Working from the records below, repeat exactly the lines starting at the line that contains "exists f : 'I_m" and ending at the line that contains "(* For all $n,k\in\mathbb", inclusive.

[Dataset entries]
◇ ◇ ◇

(* A vertex that COVER stamps at level x > r, out of a set T of level L,
   was paid for at rate 2^(1-L) per unit of benefit, and since
   c(e_t) <= b(T) 2^(1-L), the potential sum_v b(v) (2^(1-r) - 2^(1-eff v))
   over vertices of level > r pays for every edge of S(> r); the potential is
   at most 2^(1-r) b(V).  Conversely, if an edge e_i had b(e_i ∩ I(<= r)) >
   2^r c(e_i), the vertices of e_i ∩ I(<= r) would have formed, together with
   the set chosen at time i, an effective set of larger benefit; summing over
   the edges of OPT gives b(I(<= r)) <= 2^r c(OPT).  The maximality of rstar
   gives eps b(V) < b(I(<= rstar + 1)) <= 2^(rstar + 1) c(OPT), hence
   c(S(> rstar)) <= 2^(1 - rstar) b(V) < 4 c(OPT) / eps. *)

From HB Require Import structures.
From mathcomp Require Import all_boot all_order all_algebra.
From Stdlib Require Import ClassicalEpsilon.
From mathcomp Require Import lra zify.
Import Order.TTheory GRing.Theory Num.Theory.
Set Implicit Arguments. Unset Strict Implicit. Unset Printing Implicit Defensive.
Local Open Scope ring_scope.

Lemma natr_lt_exp2 (n : nat) : (n%:R : rat) < 2%:Q ^+ n.
Proof. by rewrite -natrX ltr_nat ltn_expl. Qed.

Lemma ceil_lg_spec (q : rat) : 0 < q ->
  (2%:Q ^ (ceil_lg q - 1) < q) && (q <= 2%:Q ^ ceil_lg q).
Proof.
move=> q_gt0; apply: (epsilon_spec (inhabits 0%R)
  (fun k : int => (2%:Q ^ (k - 1) < q) && (q <= 2%:Q ^ k))).
pose N := Num.bound (Num.max q q^-1).
have N_gt : Num.max q q^-1 < N%:R by apply: archi_boundP; rewrite le_max ltW.
have q_le : q <= 2%:Q ^ N%:Z.
  apply/ltW/(lt_trans _ (natr_lt_exp2 N)).
  by apply: le_lt_trans N_gt; rewrite le_max lexx.
have q_gt : 2%:Q ^ (- N%:Z) < q.
  rewrite -invr_expz -[q]invrK ltf_pV2 ?posrE ?invr_gt0 ?exprz_gt0 //.
  apply: lt_trans (natr_lt_exp2 N); apply: le_lt_trans N_gt.
  by rewrite le_max lexx orbT.
pose P j := q <= 2%:Q ^ (j%:Z - N%:Z).
have exP : exists j, P j by exists (N + N)%N; rewrite /P PoszD addrK.
case: (ex_minnP exP) => [[|j] Pj minj].
  by move: Pj; rewrite /P sub0r leNgt q_gt.
exists (j.+1%:Z - N%:Z); apply/andP; split => //.
rewrite (_ : _ - 1 = j%:Z - N%:Z); last by rewrite -addn1 PoszD addrAC addrK.
by rewrite ltNge; apply/negP => /minj; rewrite ltnn.
Qed.

Lemma ceil_lg_lt (q : rat) : 0 < q -> 2%:Q ^ (ceil_lg q - 1) < q.
Proof. by move/ceil_lg_spec/andP=> []. Qed.
(* If $\ell\ge 5$ is divisible by three, then the uniform Tur\'an density of the tight $3$-uniform cycle $C_\ell^{(3)}$ is equal to zero.
   Context: For $\ell\ge 5$, the tight $3$-uniform cycle $C_\ell^{(3)}$ is the $3$-uniform hypergraph with $\ell$ vertices $v_1,\ldots,v_\ell$ whose edges are exactly the triples $\{v_i,v_{i+1},v_{i+2}\}$, $i\in[\ell]$, indices modulo $\ell$. For an $n$-vertex $3$-uniform hypergraph $H$ and $\varepsilon>0$, the $\varepsilon$-linear density of $H$ is the minimum edge density of an induced subhypergraph of $H$ with at least $\varepsilon n$ vertices. The uniform Tur\'an density of a $3$-uniform hypergraph $F$ is the supremum of all $d\in[0,1]$ such that for every $\varepsilon>0$ there exist arbitrarily large $F$-free $3$-uniform hypergraphs with $\varepsilon$-linear density at least $d$. *)

From HB Require Import structures.
From mathcomp Require Import all_boot all_order all_algebra.
From mathcomp Require Import boolp classical_sets reals.
Set Implicit Arguments. Unset Strict Implicit. Unset Printing Implicit Defensive.
Import Order.TTheory GRing.Theory Num.Theory.

Definition hgraph (n : nat) := {set {set 'I_n}}.

Definition uniform3 (n : nat) (E : hgraph n) : Prop :=
  forall e, e \in E -> #|e| = 3.

Definition contains (n : nat) (H : hgraph n) (m : nat) (F : hgraph m) : Prop :=
  exists f : 'I_m -> 'I_n, injective f /\ forall e, e \in F -> f @: e \in H.

Definition free (m : nat) (F : hgraph m) (n : nat) (H : hgraph n) : Prop :=
  ~ contains H F.

(* Tight 3-uniform cycle on vertices v_0,...,v_{l-1}:
   edges {v_i, v_{i+1}, v_{i+2}}, indices mod l (ordS = cyclic successor). *)
Definition tight_cycle (l : nat) : hgraph l :=
  [set [set i; ordS i; ordS (ordS i)] | i : 'I_l].
(* For all $n,k\in\mathbb N$ and all $t\in(0,1)$, the matrix $A_{n,k,t}$ is a GKK matrix, i.e. a weakly sign-symmetric $P$-matrix.
   Context: For $x\in\mathbb R$, $x_+=\max\{x,0\}$. For $k\in\mathbb{N}$ and $t\in(0,1)$, $A_{\infty,k,t}=(A(i,j))_{i,j\ge1}$ is the infinite Toeplitz Hessenberg matrix with $A(i,j)=a_{j-i}$ for $j\ge i$, $A(i+1,i)=1$, and $A(i,j)=0$ for $i\ge j+2$, where $(a_0,a_1,\ldots)$ is the unique sequence for which the leading principal minors satisfy $\det A(\{1,\dots,n\})=t^{(n-k-1)_+}$ for all $n\in\mathbb N$. $A_{n,k,t}$ is the leading principal $n\times n$ submatrix of $A_{\infty,k,t}$. For $A\in\mathbb C^{n\times n}$ and $\alpha,\beta\subseteq\{1,\dots,n\}$ with $\#\alpha=\#\beta$, $A[\alpha,\beta]$ is the determinant of the submatrix with rows $\alpha$ and columns $\beta$, $A[\alpha]=A[\alpha,\alpha]$, $A[\emptyset]=1$. $A$ is a $P$-matrix if $A[\alpha]>0$ for all $\alpha\subseteq\{1,\dots,n\}$. $A$ is weakly sign-symmetric if $A[\alpha,\beta]A[\beta,\alpha]\ge0$ for all $\alpha,\beta$ with $\#\alpha=\#\beta=\#(\alpha\cup\beta)-1$. *)

From HB Require Import structures.
From mathcomp Require Import all_boot all_order all_algebra.
From mathcomp Require Import reals.
Set Implicit Arguments. Unset Strict Implicit. Unset Printing Implicit Defensive.
Import Order.TTheory GRing.Theory Num.Theory.
Local Open Scope ring_scope.

(* x_+ = max {x, 0} on nat (the exponent (n-k-1)_+); nat subtraction is
   already truncated, so (n - k - 1)%N = (n-k-1)_+ . *)
Definition posp (m : int) : nat := `|Num.max m 0|%N.

(* The n x n leading principal submatrix of the infinite Toeplitz Hessenberg
   matrix A_infty: entries A(i,j) = a_(j-i) for j >= i, A(i+1,i) = 1,
   A(i,j) = 0 for i >= j+2.  (0-based indices; this does not affect entries.) *)
Definition toepHess {R : nzRingType} (a : nat -> R) (n : nat) : 'M[R]_n :=
  \matrix_(i < n, j < n)
    if (i <= j)%N then a (j - i)%N
    else if i == j.+1 :> nat then 1 else 0.

Definition leading_minors_prop {R : realType} (k : nat) (t : R) (a : nat -> R) :=
  forall n : nat, (0 < n)%N ->
    \det (toepHess a n) = t ^+ posp (n%:Z - k%:Z - 1).

(* A[alpha, beta]: determinant of the submatrix with rows alpha and columns
   beta (both listed in increasing order), for #alpha = #beta. *)
Definition minor {R : comNzRingType} n (A : 'M[R]_n) (alpha beta : {set 'I_n})
  (h : #|alpha| = #|beta|) : R :=
  \det (\matrix_(i < #|alpha|, j < #|alpha|)
          A (enum_val i) (enum_val (cast_ord h j))).

(* P-matrix: all principal minors positive (A[emptyset] = 1 automatically). *)
Definition P_matrix {R : numDomainType} n (A : 'M[R]_n) : Prop :=
  forall alpha : {set 'I_n}, 0 < minor A (erefl #|alpha|).

Definition weakly_sign_symmetric {R : numDomainType} n (A : 'M[R]_n) : Prop :=
  forall (alpha beta : {set 'I_n}) (h : #|alpha| = #|beta|),
    #|alpha :|: beta| = #|alpha|.+1 ->
    0 <= minor A h * minor A (esym h).

Definition GKK {R : numDomainType} n (A : 'M[R]_n) : Prop :=
  weakly_sign_symmetric A /\ P_matrix A.

(* Entries of A_oo more than one step below the diagonal vanish, so a
   submatrix with increasing row and column indices splits into diagonal
   blocks wherever the indices jump by at least two.  Hence a principal minor
   is a product of leading principal minors e_m = det A_m > 0.  For an almost
   principal pair A[U\y, U\x], A[U\x, U\y], split U into its initial run of
   consecutive integers and the rest: if x and y fall on different sides one
   of the two minors vanishes, otherwise the pair factors into squares times
   either a smaller such pair or a pair of symmetric cofactors of a leading
   block A_m.  The adjugate of A_m is explicit, with (j, i) entry
   (-1)^(i+j) (e_i e_(m-1-j) - [j < i] e_m e_(i-j-1)), by the recurrence
   e_(n+1) = sum_j (-1)^j a_j e_(n-j); so symmetric cofactors have a
   nonnegative product once e_m e_(y-x-1) <= e_y e_(m-1-x), which holds for
   e_m = t^((m-k-1)_+) because t <= 1.  Solving the same recurrence for a_n
   produces the sequence a. *)

From mathcomp Require Import all_boot all_order all_algebra.
From mathcomp Require Import reals.
From mathcomp Require Import zify ring.
Import Order.TTheory GRing.Theory Num.Theory.
Local Open Scope ring_scope.
Set Implicit Arguments. Unset Strict Implicit. Unset Printing Implicit Defensive.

◇ ◇ ◇

EXERCISE RESULT:
  exists f : 'I_m -> 'I_n, injective f /\ forall e, e \in F -> f @: e \in H.

Definition free (m : nat) (F : hgraph m) (n : nat) (H : hgraph n) : Prop :=
  ~ contains H F.

(* Tight 3-uniform cycle on vertices v_0,...,v_{l-1}:
   edges {v_i, v_{i+1}, v_{i+2}}, indices mod l (ordS = cyclic successor). *)
Definition tight_cycle (l : nat) : hgraph l :=
  [set [set i; ordS i; ordS (ordS i)] | i : 'I_l].
(* For all $n,k\in\mathbb N$ and all $t\in(0,1)$, the matrix $A_{n,k,t}$ is a GKK matrix, i.e. a weakly sign-symmetric $P$-matrix.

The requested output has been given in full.